A favorite pastime for us Earth-bound cloud gazers is to dream up animals that resemble a nearby cumulus cloud. Well, astronomers are no different when it comes to cosmic “clouds” of gas, dust, and newborn stars.
Take, for instance, the Running Chicken Nebula. While observers don’t quite agree on which end is its head and which is the tailfeathers, one thing is for certain — this particular celestial display is definitely a nebula most fowl, and a new image from the European Southern Observatory’s Very Large Survey Telescope, or VST, captures it in all its avian-like glory.
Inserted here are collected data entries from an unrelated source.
Section SchurTest.
Variables (C : numClosedFieldType) (n l : nat) (s : bits n -> bits n).
Variables (a b : bits n -> occ n -> C) (alpha beta : C).
Implicit Types (u v : occ n) (x : bits n).
Hypotheses (a_ge0 : forall x u, 0 <= a x u) (b_ge0 : forall x u, 0 <= b x u).
Hypothesis alpha_ge0 : 0 <= alpha.
Hypothesis row_sum_le : forall u, occ_tot u = l -> \sum_x a x u ^+ 2 <= alpha.
Hypothesis col_sum_le : forall v, occ_tot v = l ->
  \sum_x (if (0 < v x)%N then b x (hop (s x) x v) ^+ 2 else 0) <= beta.

Lemma Schur_test (psi : state C n) :
  sqnorm l (fun u => \sum_x
    (if (0 < u (s x))%N then a x u * b x u * psi (hop x (s x) u) else 0))
  <= alpha * beta * sqnorm l psi.
Proof.
pose T x u := if (0 < u (s x))%N then b x u ^+ 2 * `|psi (hop x (s x) u)| ^+ 2 else 0.
have row u : occ_tot u = l -> `|\sum_x
    (if (0 < u (s x))%N then a x u * b x u * psi (hop x (s x) u) else 0)| ^+ 2
    <= alpha * \sum_x T x u.
  pose t x := if (0 < u (s x))%N then b x u * `|psi (hop x (s x) u)| else 0.
  have t_ge0 x : 0 <= t x by rewrite /t; case: ifP; rewrite ?mulr_ge0.
  move=> tu; apply: (@le_trans _ _ ((\sum_x a x u * t x) ^+ 2)).
    have at_ge0 : 0 <= \sum_x a x u * t x by apply: sumr_ge0 => x _; rewrite mulr_ge0.
    rewrite lerXn2r ?nnegrE //.
    apply: (le_trans (ler_norm_sum _ _ _)); apply: ler_sum => x _; rewrite /t.
    case: ifP => _; last by rewrite normr0 mulr0.
    by rewrite !normrM (ger0_norm (a_ge0 _ _)) (ger0_norm (b_ge0 _ _)) mulrA.
  apply: le_trans; first by apply: CauchySchwarz_sum => x; rewrite ger0_real.
  apply: ler_pM; rewrite ?row_sum_le //.
  - by apply: sumr_ge0 => x _; rewrite exprn_ge0.
  - by apply: sumr_ge0 => x _; rewrite exprn_ge0.
  - by apply: ler_sum => x _; rewrite /t /T; case: ifP; rewrite ?expr0n // exprMn.
have col : \sum_x lsum l (T x) <= beta * sqnorm l psi.
  have hopT x : lsum l (T x) = lsum l (fun v =>
      if (0 < v x)%N then b x (hop (s x) x v) ^+ 2 * `|psi v| ^+ 2 else 0).
    exact: (lsum_hop l x (s x) (fun u v => b x u ^+ 2 * `|psi v| ^+ 2)).
  rewrite (eq_bigr _ (fun x _ => hopT x)) /lsum exchange_big /= /sqnorm /lsum mulr_sumr.
  apply: ler_sum => u /occ_tot_occ_of tu.
  set p2 := `|psi (occ_of u)| ^+ 2.
  rewrite (eq_bigr (fun x => (if (0 < occ_of u x)%N then
      b x (hop (s x) x (occ_of u)) ^+ 2 else 0) * p2)) => [|x _]; last first.
    by case: ifP; rewrite ?mul0r.
  by rewrite -mulr_suml ler_wpM2r ?exprn_ge0 ?col_sum_le.
apply: (le_trans (ler_lsum (row))).
by rewrite /lsum -mulr_sumr exchange_big -mulrA ler_wpM2l.
Qed.

End SchurTest.

Section Ladder.
Variables (C : numClosedFieldType) (n : nat).
Implicit Types (x z : bits n) (u w : occ n) (phi psi : state C n).

Lemma cre_annE z x psi u :
  cre z (ann x psi) u =
  sqrtC (u z)%:R * sqrtC ((occ_dec u z) x).+1%:R * psi (hop x z u).
Proof. by rewrite /cre /ann mulrA. Qed.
Meet the Running Chicken Nebula
If you could see the Running Chicken Nebula with the unaided eye, it would be spread across a swath of night sky the size of 25 full Moons. But because this glowing cloud lies 6,500 light years away, we need telescopes like VST, which specializes in wide, all-encompassing views of the cosmos (which help the Very Large Telescope, or VLT, find targets to zoom in on) in order to see it.
This image is actually a mosaic of hundreds of individual images, carefully merged together into this 1.5 billion-pixel panorama. You can zoom in and explore all the dazzling details on the European Southern Obseratory’s website.
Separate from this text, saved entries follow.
(* Let $\langle [n],\{v_a\}_{a\in[n]}\rangle$ be a cake-division instance, let $\alpha\ge1$, and let $\mathcal{I}$ be an $\alpha$-approximately envy-free allocation. Then for every $\rho\in(0,1]$ and every allocation $\mathcal{I}^*$, $$\mathrm{M}_\rho(\mathcal{I}^* )\ \le\ 2\alpha\,2^{1/\rho}\,n^{\frac{\rho}{\rho+1}}\ \mathrm{M}_\rho(\mathcal{I}).$$
   Context: The cake is $[0,1]$. Each agent's valuation $v_a$ assigns a value $v_a(I)\ge0$ to every interval $I\subseteq[0,1]$ and is normalized ($v_a([0,1])=1$), divisible (for every interval $[x,y]$ and $\lambda\in[0,1]$ there is $z\in[x,y]$ with $v_a([x,z])=\lambda v_a([x,y])$), and sigma additive ($v_a(I\cup J)=v_a(I)+v_a(J)$ for disjoint intervals). Intervals meeting only at an endpoint are regarded as disjoint. An allocation is a tuple $\mathcal{I}=\{I_1,\dots,I_n\}$ of pairwise-disjoint (possibly empty) intervals with $\bigcup_aI_a=[0,1]$, $I_a$ going to agent $a$. For $\alpha\ge1$, $\mathcal{I}$ is $\alpha$-approximately envy-free if $v_a(I_a)\ge\frac1\alpha v_a(I_b)$ for all $a,b$. The $\rho$-mean welfare is $\mathrm{M}_\rho(\mathcal{I})=\left(\frac1n\sum_{a=1}^n[v_a(I_a)]^\rho\right)^{1/\rho}$. *)

From Stdlib Require Import Reals Lra List.
Open Scope R_scope.

(* A valuation on the cake [0,1]: v x y is the value of the interval [x,y]
   (for 0 <= x <= y <= 1).  Endpoints carry no mass (v x x = 0 follows
   from additivity), so closed/open intervals are identified. *)
Definition is_valuation (v : R -> R -> R) : Prop :=
  (forall x y, 0 <= x -> x <= y -> y <= 1 -> 0 <= v x y) /\
  v 0 1 = 1 /\
  (forall x y lam, 0 <= x -> x <= y -> y <= 1 -> 0 <= lam <= 1 ->
     exists z, x <= z <= y /\ v x z = lam * v x y) /\
  (forall x y z, 0 <= x -> x <= y -> y <= z -> z <= 1 ->
     v x z = v x y + v y z).

(* An interval is given by its endpoints (l, r) with 0 <= l <= r <= 1;
   an empty piece is represented by a degenerate interval [x,x]. *)
Definition is_interval (I : R * R) : Prop :=
  0 <= fst I /\ fst I <= snd I /\ snd I <= 1.
Lemma sec_idx_sub k j m : k < 3 -> sec_idx k j <= m ->
  3 * m + k - j = 3 * (m - sec_idx k j) + sec_rem k j.
Proof. by move=> k_lt3; rewrite /sec_idx /sec_rem; case: ltnP => cmp; lia. Qed.

Lemma sec_rem_eq0 k j : k < 3 -> (sec_rem k j == 0) = (j %% 3 == k).
Proof. by rewrite /sec_rem => k_lt3; apply/eqP/eqP; lia. Qed.

Lemma Gcoef_section a j k m : k < 3 -> good a ->
  Gcoef a j (3 * m + k) =
  if sec_rem k j == 0 then Gcoef a (sec_idx k j) m
  else (lastn a %% 3 == sec_rem k j) *
       Gcoef (front a) (sec_idx k j + lastn a %/ 3) m.
Proof.
move=> k_lt3 a_good; rewrite /Gcoef sec_idx_le //.
have rem_lt3 : sec_rem k j < 3 by rewrite /sec_rem ltn_mod.
case: leqP => [le_idx|lt_idx]; last first.
  case: eqP => // _; suff -> : sec_idx k j + lastn a %/ 3 <= m = false by rewrite muln0.
  by apply/negbTE; rewrite -ltnNge ltn_addr.
rewrite sec_idx_sub //; case: eqP => [->|rem_neq0]; first by rewrite addn0 Hcoef_mul3.
move/eqP/negbTE: rem_neq0 => rem_neq0.
case/lastP: a a_good => [|a x] a_good.
  by rewrite Hcoef_nil /lastn /= mod0n [0 == _]eq_sym rem_neq0 addn_eq0 rem_neq0 andbF.
rewrite Hcoef_mul3D // ?lastn_rcons ?front_rcons; last by rewrite lt0n rem_neq0 rem_lt3.
case: eqP => //= _; case: leqP => le_xm.
  have -> : sec_idx k j + x %/ 3 <= m by lia.
  by rewrite subnDA.
have -> : sec_idx k j + x %/ 3 <= m = false by lia.
by rewrite mul0n muln0.
Qed.

Section Atoms.
Variable R : nzRingType.
Local Open Scope ring_scope.

(* An atom (a, j, c) stands for the series c z^j H_a; a list of atoms stands
   for their sum. Its key (a, j) identifies the basis series. *)
Definition atom : Type := (seq nat * nat * R)%type.

Definition series (L : seq atom) (m : nat) : R :=
  \sum_(t <- L) t.2 * (Gcoef t.1.1 t.1.2 m)%:R.

Definition vanishes (L : seq atom) : Prop := forall m, series L m = 0.

Definition weight (L : seq atom) (key : seq nat * nat) : R :=
  \sum_(t <- L | t.1 == key) t.2.

Lemma weightE L key : weight L key = \sum_(t <- L) (if t.1 == key then t.2 else 0).
Proof. by rewrite /weight big_mkcond. Qed.

Definition bounded (r : nat) (L : seq atom) : bool :=
  all (fun t => good t.1.1 && (size t.1.1 <= r)%N) L.

(* The 3-section at residue k acting on one atom, following Gcoef_section. *)
Definition sec_atom (k : nat) (t : atom) : atom :=
  let: (a, j, c) := t in
  if sec_rem k j == 0%N then (a, sec_idx k j, c)
  else if (lastn a %% 3 == sec_rem k j)%N then (front a, (sec_idx k j + lastn a %/ 3)%N, c)
  else ([::], 0%N, 0).
(* Simplification must not unfold sections, so that the lemmas below apply. *)
Arguments sec_atom : simpl never.

Definition sec (k : nat) (L : seq atom) : seq atom := map (sec_atom k) L.

Lemma sec_atom_keep k a j c :
  sec_rem k j = 0%N -> sec_atom k (a, j, c) = (a, sec_idx k j, c).
Proof. by rewrite /sec_atom => ->. Qed.

Lemma sec_atom_drop k a j c : sec_rem k j != 0%N ->
  sec_atom k (a, j, c) = ([::], 0%N, 0) \/ (size (sec_atom k (a, j, c)).1.1 < size a)%N.
Proof.
rewrite /sec_atom => /negbTE rem_neq0; rewrite rem_neq0; case: eqP => [last_eq|_]; last by left.
case/lastP: a last_eq => [|a x] last_eq; first by move: rem_neq0; rewrite -last_eq.
by right; rewrite /= front_rcons size_rcons.
Qed.

Lemma series_sec_atom k t m : (k < 3)%N -> good t.1.1 ->
  (sec_atom k t).2 * (Gcoef (sec_atom k t).1.1 (sec_atom k t).1.2 m)%:R =
  t.2 * (Gcoef t.1.1 t.1.2 (3 * m + k))%:R.
Proof.
case: t => [[a j] c] /= k_lt3 a_good; rewrite Gcoef_section // /sec_atom.
case: eqP => //= _; case: eqP => /= _; first by rewrite mul1n.
by rewrite mul0r mul0n mulr0.
Qed.

Lemma sec_atom_good k t : good t.1.1 ->
  good (sec_atom k t).1.1 && (size (sec_atom k t).1.1 <= size t.1.1)%N.
Proof.
case: t => [[a j] c] a_good; case: (eqVneq (sec_rem k j) 0%N) => [rem0|rem_neq0].
  by rewrite sec_atom_keep //= a_good leqnn.
rewrite /sec_atom (negbTE rem_neq0); case: eqP => _ //=.
by rewrite good_front // size_front leq_pred.
Qed.

Lemma bounded_sec r k L : bounded r L -> bounded r (sec k L).
Proof.
rewrite /bounded /sec all_map => /allP L_ok; apply/allP => t /L_ok /andP [t_good t_size] /=.
by case/andP: (sec_atom_good k t_good) => -> /= /leq_trans; apply.
Qed.

Lemma series_sec r k L m : (k < 3)%N -> bounded r L ->
  series (sec k L) m = series L (3 * m + k).
Proof.
move=> k_lt3 /allP L_ok; rewrite /series /sec big_map; apply: eq_big_seq => t t_in.
by apply: series_sec_atom => //; case/andP: (L_ok t t_in).
Qed.

Lemma vanishes_sec r k L : (k < 3)%N -> bounded r L -> vanishes L -> vanishes (sec k L).
Proof. by move=> k_lt3 L_ok L0 m; rewrite (series_sec m k_lt3 L_ok) L0. Qed.

Lemma weight_sec_top r k L b i : (k < 3)%N -> bounded r L -> size b = r ->
  weight (sec k L) (b, i) = weight L (b, 3 * i + k)%N.
Proof.
move=> k_lt3 /allP L_ok size_b; rewrite /sec weightE big_map weightE.
apply: eq_big_seq => -[[a j] c] t_in.
have size_a : (size a <= r)%N by case/andP: (L_ok _ t_in).
case: (eqVneq (sec_rem k j) 0%N) => [rem0|rem_neq0].
  rewrite sec_atom_keep //= !xpair_eqE; move: rem0 => /eqP; rewrite sec_rem_eq0 // => /eqP j_mod.
  by have -> : (sec_idx k j == i) = (j == 3 * i + k)%N by rewrite /sec_idx; apply/eqP/eqP; lia.
have j_neq : (j == 3 * i + k)%N = false.
  by apply/negbTE; apply: contra rem_neq0 => /eqP ->; rewrite sec_rem_eq0 //; apply/eqP; lia.
rewrite xpair_eqE j_neq andbF.
case: (sec_atom_drop a c rem_neq0) => [-> | shorter]; first by case: ifP.
case: eqP => // key_eq; by move: shorter; rewrite key_eq /= size_b ltnNge size_a.
Qed.

Lemma bounded_iter r k n L : bounded r L -> bounded r (iter n (sec k) L).
Proof. by move=> L_ok; elim: n => //= n; apply: bounded_sec. Qed.

Lemma vanishes_iter r k n L : (k < 3)%N -> bounded r L -> vanishes L ->
  vanishes (iter n (sec k) L).
Proof.
move=> k_lt3 L_ok L0; elim: n => //= n.
exact: vanishes_sec k_lt3 (bounded_iter k n L_ok).
Qed.

Lemma weight_iter_top r n L b : bounded r L -> size b = r ->
  weight (iter n (sec 0) L) (b, 0%N) = weight L (b, 0%N).
Proof.
move=> L_ok size_b; elim: n => //= n IH.
by rewrite (weight_sec_top 0 _ (bounded_iter 0 n L_ok) size_b).
Qed.

Definition flat (s : nat) (L : seq atom) : bool :=
  all (fun t => (s <= size t.1.1)%N ==> (t.1.2 == 0%N)) L.

Lemma sec0_atom_flat s d t :
  ((s < size t.1.1) ==> (t.1.2 == 0))%N -> ((size t.1.1 == s) ==> (t.1.2 <= d))%N ->
  ((s < size (sec_atom 0 t).1.1) ==> ((sec_atom 0 t).1.2 == 0))%N &&
  ((size (sec_atom 0 t).1.1 == s) ==> ((sec_atom 0 t).1.2 <= d.-1))%N.
Proof.
case: t => [[a j] c] hi cur; rewrite /= in hi cur.
case: (eqVneq (sec_rem 0 j) 0%N) => [rem0|rem_neq0].
  have /eqP j_mod : (j %% 3 == 0)%N by rewrite -sec_rem_eq0 ?rem0.
  rewrite sec_atom_keep //= /sec_idx j_mod addn0.
  by apply/andP; split; apply/implyP => size_a;
    [move/implyP: hi | move/implyP: cur] => /(_ size_a); lia.
have size_a : (size a <= s)%N.
  rewrite leqNgt; apply: contra rem_neq0 => /(implyP hi) /eqP ->.
  by rewrite sec_rem_eq0.
case: (sec_atom_drop a c rem_neq0) => [->|shorter]; first by rewrite /= leq0n !implybT.
have lt_s := leq_trans shorter size_a.
apply/andP; split; apply/implyP; [move=> gt_s | move/eqP=> eq_s].
  by have := ltn_trans lt_s gt_s; rewrite ltnn.
by move: lt_s; rewrite eq_s ltnn.
Qed.

(* Iterating the section at residue 0 eventually makes the atoms of length s
   unshifted too: their shifts j become j / 3 or the atoms get shorter. *)
Lemma flat_sec0 s L : flat s.+1 L -> exists n, flat s (iter n (sec 0) L).
Proof.
move=> L_flat; set d := (\sum_(t <- L) t.1.2)%N.
have inv n : flat s.+1 (iter n (sec 0) L) &&
    all (fun t => (size t.1.1 == s) ==> (t.1.2 <= d - n))%N (iter n (sec 0) L).
  elim: n => [|n /andP [hi cur]] /=.
    rewrite L_flat; apply/allP => t t_in; apply/implyP => _.
    by rewrite subn0 /d (big_rem _ t_in) leq_addr.
  rewrite /flat /sec !all_map -all_predI; apply/allP => t t_in /=.
  by rewrite subnS; apply: sec0_atom_flat; [apply: (allP hi) | apply: (allP cur)].
exists d; case/andP: (inv d) => /allP hi /allP cur.
apply/allP => t t_in; apply/implyP; rewrite leq_eqVlt => /orP [/eqP size_t|longer].
  by move/implyP: (cur t t_in); rewrite size_t subnn leqn0; apply.
exact: (implyP (hi t t_in)).
Qed.

Lemma bounded_sec_drop r k L : (0 < k < 3)%N -> bounded r.+1 L -> flat r L ->
  bounded r (sec k L).
Proof.
move=> /andP [k_pos k_lt3] /allP L_ok /allP L_flat.
rewrite /bounded /sec all_map; apply/allP => -[[a j] c] t_in /=.
case/andP: (L_ok _ t_in) => /= a_good size_a.
case/andP: (sec_atom_good k (t := (a, j, c)) a_good) => -> /= shrink.
case: (eqVneq (sec_rem k j) 0%N) => [rem0|rem_neq0].
  rewrite (leq_trans shrink) // leqNgt; apply/negP => /ltnW /(implyP (L_flat _ t_in)) /= /eqP j0.
  by move: rem0 => /eqP; rewrite sec_rem_eq0 // /= j0 mod0n => /eqP k0; move: k_pos; rewrite -k0.
case: (sec_atom_drop a c rem_neq0) => [-> //|shorter].
by rewrite -ltnS (leq_trans shorter).
Qed.

Lemma weight_sec_strip r k L b x : (0 < k < 3)%N -> (x %% 3 = k)%N -> size b = r ->
  bounded r.+1 L -> flat r L ->
  weight (sec k L) (b, x %/ 3)%N = weight L (rcons b x, 0%N).
Proof.
move=> /andP [k_pos k_lt3] x_mod size_b /allP L_ok /allP L_flat.
rewrite /sec weightE big_map weightE; apply: eq_big_seq => -[[a j] c] t_in.
case/andP: (L_ok _ t_in) => /= a_good size_a.
case: (ltnP (size a) r) => [short_a|long_a].
  have -> : (a, j) == (rcons b x, 0%N) = false.
    by rewrite xpair_eqE; apply/negbTE/nandP; left; apply: contraTneq short_a => ->;
       rewrite size_rcons size_b -leqNgt.
  case: eqP => // key_eq; case/andP: (sec_atom_good k (t := (a, j, c)) a_good).
  by rewrite key_eq /= size_b => _ /(leq_trans short_a); rewrite ltnn.
have j0 : j = 0%N by apply/eqP; apply: (implyP (L_flat _ t_in)).
have rem_k : sec_rem k j = k by rewrite j0 /sec_rem mod0n subn0 -{2}(modn_small k_lt3) modnDr.
have k_neq0 : (k == 0%N) = false by apply/eqP => k0; rewrite k0 in k_pos.
rewrite /sec_atom rem_k k_neq0.
rewrite j0 /sec_idx mod0n div0n ltn0 /= add0n.
case/lastP: a a_good size_a long_a t_in => [|a y] _ _ _ _.
  rewrite /lastn /= mod0n [0%N == k]eq_sym k_neq0 /= if_same.
  by case: (b) => [|? ?].
rewrite lastn_rcons front_rcons add0n.
case: (eqVneq (y %% 3)%N k) => [y_mod|y_mod] /=; rewrite !xpair_eqE eqseq_rcons andbT.
  have -> : (y %/ 3 == x %/ 3)%N = (y == x).
    by apply/eqP/eqP => [y_div|-> //]; rewrite (divn_eq y 3) (divn_eq x 3) y_div y_mod x_mod.
  by [].
have -> : (y == x) = false by apply/negbTE; apply: contra_neq y_mod => ->.
by rewrite andbF; case: ifP.
Qed.

Definition weights_vanish (r : nat) : Prop :=
  forall L, bounded r L -> vanishes L -> forall key, weight L key = 0.

(* Unshifted atoms of maximal length r + 1: flatten lengths >= r by
   residue-0 sections, then strip the last entry and use the hypothesis. *)
Lemma weight_top_unshifted r L b : weights_vanish r -> bounded r.+1 L -> vanishes L ->
  size b = r.+1 -> good b -> weight L (b, 0%N) = 0.
Proof.
move=> IH L_ok L0 size_b b_good.
have L_flat : flat r.+2 L.
  by apply/allP => t /(allP L_ok) /andP [_ size_t]; rewrite leqNgt ltnS size_t.
have [n1 flat1] := flat_sec0 L_flat.
have [n2 flat2] := flat_sec0 flat1.
set L1 := iter n1 (sec 0) L; set L2 := iter n2 (sec 0) L1.
have L1_ok : bounded r.+1 L1 := bounded_iter 0 n1 L_ok.
have L2_ok : bounded r.+1 L2 := bounded_iter 0 n2 L1_ok.
have L2_0 : vanishes L2.
  have lt03 : (0 < 3)%N by [].
  exact (vanishes_iter n2 lt03 L1_ok (vanishes_iter n1 lt03 L_ok L0)).
rewrite -(weight_iter_top n1 L_ok size_b) -/L1 -(weight_iter_top n2 L1_ok size_b) -/L2.
case/lastP: b size_b b_good => [//|b x]; rewrite size_rcons => -[size_b].
rewrite good_rcons => /and3P [_ x_pos x_ndvd].
have k_range : (0 < x %% 3 < 3)%N by rewrite ltn_mod andbT lt0n.
rewrite -(weight_sec_strip k_range erefl size_b L2_ok flat2).
apply: IH; first exact: bounded_sec_drop.
by apply: vanishes_sec L2_ok L2_0; case/andP: k_range.
Qed.

(* Shifted atoms of maximal length reduce to smaller shifts through the
   section at residue j mod 3. *)
Lemma weight_top r L b j : weights_vanish r -> bounded r.+1 L -> vanishes L ->
  size b = r.+1 -> good b -> weight L (b, j) = 0.
Proof.
move=> IH; elim/ltn_ind: j L => -[|j] IHj L L_ok L0 size_b b_good.
  exact: weight_top_unshifted IH L_ok L0 size_b b_good.
have k_lt3 : (j.+1 %% 3 < 3)%N by rewrite ltn_mod.
rewrite (divn_eq j.+1 3) mulnC -(weight_sec_top _ k_lt3 L_ok size_b).
apply: IHj; [lia | exact: bounded_sec | exact: vanishes_sec L_ok L0 | by [] | by []].
Qed.

Lemma weight_absent L key : (forall t, t \in L -> t.1 != key) -> weight L key = 0.
Proof.
move=> no_key; rewrite /weight big1_seq // => t /andP [/eqP t_key /no_key].
by rewrite t_key eqxx.
Qed.

Lemma series_of_weights L : (forall key, weight L key = 0) -> vanishes L.
Proof.
move=> L_w0 m; rewrite /series.
transitivity (\sum_(key <- undup (map fst L)) weight L key * (Gcoef key.1 key.2 m)%:R).
  under [RHS]eq_bigr do rewrite weightE big_distrl /=.
  rewrite exchange_big /=; apply: eq_big_seq => t t_in.
  rewrite (bigD1_seq t.1) ?undup_uniq ?mem_undup ?map_f //= eqxx.
  by rewrite big1 ?addr0 // => key /negbTE key_neq; rewrite eq_sym key_neq mul0r.
by rewrite big1 // => key _; rewrite L_w0 mul0r.
Qed.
Deep in the billowing clouds that make up the Running Chicken, dense patches of gas are collapsing under their own mass, kickstarting nuclear fusion at their cores and flaring new stars to life. Those young stars blast everything around them with powerful ultraviolet radiation, which heats clouds of hydrogen to the bright pink glow that suffuses most of the image. Newborn stars are especially active in the brightest area of the nebula — that feathery pastel wisps of gas and dust that look like either the chicken’s head or its tailfeathers (depending on your point of view).
Stellar winds laden with ultraviolet radiation and charged particles bombard the surrounding gas, carving out cavities and sculpting pillars. Zoom in on the VST image and scroll around, and you’ll see several small, dark chunks of gas and dust. These patches, called Bok Globules, are dense enough to stand up to the young stars’ ultraviolet blasts while the lighter material around them gets blown away.
The Running Chicken Nebula is about 720 light years wide, and the European Southern Observatory states that “it would take an average chicken almost 21 billion years to run across it.” Astronomers still don’t agree on what would motivate the chicken, but a leading theory suggests getting to the other side.